» **PROBLEM**:
Set down exactly the first line of the entries and every line after it, through the line with "by rewrite inE".

<<<<

Lemma cost_solT_Node f t0 t1 A d : wf_subtree (Node f t0 t1) A d ->
  cost (solT (Node f t0 t1) A d)
  = (cost (solT t0 (restr X A f false) d.+1) + cost (solT t1 (restr X A f true) d.+1)
     + nlog (pinner X alpha beta d A))%E.
Proof.
move=> wf; have [A0 dF fA wf0 wf1] := wf_subtree_Node wf.
have dF1 : (d < F.+1)%N := ltnW dF.
set o : node := OrN A (inord d); set a : node := AndN A (inord d) f.
set S0 := solT t0 _ _; set S1 := solT t1 _ _.
have depth_o : node_depth o = d by rewrite /= inordK.
have depth_a : node_depth a = d by rewrite /= inordK.
have deep u : u \in S0 :|: S1 -> (d < node_depth u)%N.
  by rewrite inE => /orP[/(solT_below wf0)|/(solT_below wf1)] /and3P[].
have no_edge u v : node_depth v != (node_depth u + is_and u)%N -> ~~ E u v.
  by apply: contra => /edge_node_depth/eqP.
have a_notin : a \notin S0 :|: S1 by apply/negP => /deep; rewrite depth_a ltnn.
have o_notin : o \notin a |: (S0 :|: S1).
  rewrite in_setU1 negb_or; apply/andP; split => //.
  by apply/negP => /deep; rewrite depth_o ltnn.
have dS01 : [disjoint S0 & S1].
  rewrite -setI_eq0; apply/eqP/setP => u; rewrite !inE; apply/negP => /andP[u0 u1].
  exact: below_disjoint (disjoint_restr A f) (solT_below wf0 u0) (solT_below wf1 u1).
change (solT _ A d) with ([set o] :|: ([set a] :|: (S0 :|: S1))).
rewrite cost_setU ?disjoints1 //; last first.
  move=> u v; rewrite in_setU1 in_set1 => /orP[/eqP->|/deep du] /eqP->; apply: no_edge.
    by rewrite depth_o depth_a addn1 ltn_eqF.
  by rewrite depth_o ltn_eqF // (leq_trans du) ?leq_addr.
rewrite cost_setU ?disjoints1 //; last first.
  move=> u v /deep du /set1P->; apply: no_edge.
  by rewrite depth_a ltn_eqF // (leq_trans du) ?leq_addr.
rewrite cost_setU //; last first.
  move=> u v /(solT_below wf1) u1 /(solT_below wf0) v0.
  by apply: below_noedge u1 v0; rewrite disjoint_sym disjoint_restr.
rewrite (@cost_between_noedge S0); last first.
  move=> u v /(solT_below wf0) u0 /(solT_below wf1) v1.
  exact: below_noedge (disjoint_restr A f) u0 v1.
have -> : cost_between [set a] (S0 :|: S1) = 0%E by apply: big1 => u /set1P->; apply: big1.
rewrite cost_betweenUr ?disjoints1 // cost_between_set1.
rewrite (@cost_between_noedge [set o]); last first.
  by move=> u v /set1P-> /deep dv; apply: no_edge; rewrite depth_o addn0 gtn_eqF.
rewrite !cost_set1 /= A0 !eqxx inordK // dF fA /=.
by rewrite !add0e !adde0.
Qed.
Lemma exprn_le_expR (x a : R) (d : nat) :
  0 < x -> x <= 1 -> a <= d%:R -> x ^+ d <= expR (a * ln x).
Proof.
move=> x0 x1 ad.
rewrite -{1}(lnK (x0 : x \in Num.pos)) -expRM_natl ler_expR.
by apply: ler_wnM2r => //; exact: ln_le0.
Qed.

Lemma expn2_expR (M : nat) : ((2 ^ M)%:R : R) = expR (M%:R * ln 2).
Proof. by rewrite natrX expRM_natl lnK // posrE ltr0n. Qed.

Lemma bin_le_bin_expr (n N a j k : nat) : (0 < n)%N -> (k <= a)%N ->
  (j <= k)%N -> (k <= N)%N -> (n <= 2 * (N - k).+1)%N ->
  ('C(n, j)%:R : R) <= (2 ^ k * 'C(N, k))%:R * (a%:R / n%:R) ^+ (k - j).
Proof.
move=> n0 ka jk kN nN.
have nd : 0 < (n%:R : R) ^+ (k - j) by rewrite exprn_gt0 // ltr0n.
rewrite -(ler_pM2r nd); apply: (@le_trans _ _ ((2 ^ k * 'C(N, k))%:R * k%:R ^+ (k - j))).
  by rewrite -!natrX -!natrM ler_nat bin_expn_leq.
rewrite -mulrA ler_wpM2l // -exprMn divfK ?pnatr_eq0 -?lt0n //.
by rewrite lerXn2r ?nnegrE // ler_nat.
Qed.

Definition delta (r : nat) : R := (r * (r + 2))%:R * ln 2 + r%:R * ln r%:R.

Lemma delta_gt0 r : (0 < r)%N -> 0 < delta r.
Proof.
move=> r0; apply: ltr_wpDr; first by rewrite mulr_ge0 ?ler0n ?ln_ge0 ?ler1n.
by rewrite mulr_gt0 ?ln_gt0 ?ltr1n // ltr0n; lia.
Qed.

Section SmallSet.

Variables (n m r k : nat) (eta : R).
Hypotheses (m0 : (0 < m)%N) (nm : (4 * r * m < n)%N) (r0 : (0 < r)%N)
  (km : (k <= m * r)%N) (eta0 : 0 < eta).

>>>>

» **ANSWER TO THIS TASK**:
Lemma cost_solT_Node f t0 t1 A d : wf_subtree (Node f t0 t1) A d ->
  cost (solT (Node f t0 t1) A d)
  = (cost (solT t0 (restr X A f false) d.+1) + cost (solT t1 (restr X A f true) d.+1)
     + nlog (pinner X alpha beta d A))%E.
Proof.
move=> wf; have [A0 dF fA wf0 wf1] := wf_subtree_Node wf.
have dF1 : (d < F.+1)%N := ltnW dF.
set o : node := OrN A (inord d); set a : node := AndN A (inord d) f.
set S0 := solT t0 _ _; set S1 := solT t1 _ _.
have depth_o : node_depth o = d by rewrite /= inordK.
have depth_a : node_depth a = d by rewrite /= inordK.
have deep u : u \in S0 :|: S1 -> (d < node_depth u)%N.
  by rewrite inE => /orP[/(solT_below wf0)|/(solT_below wf1)] /and3P[].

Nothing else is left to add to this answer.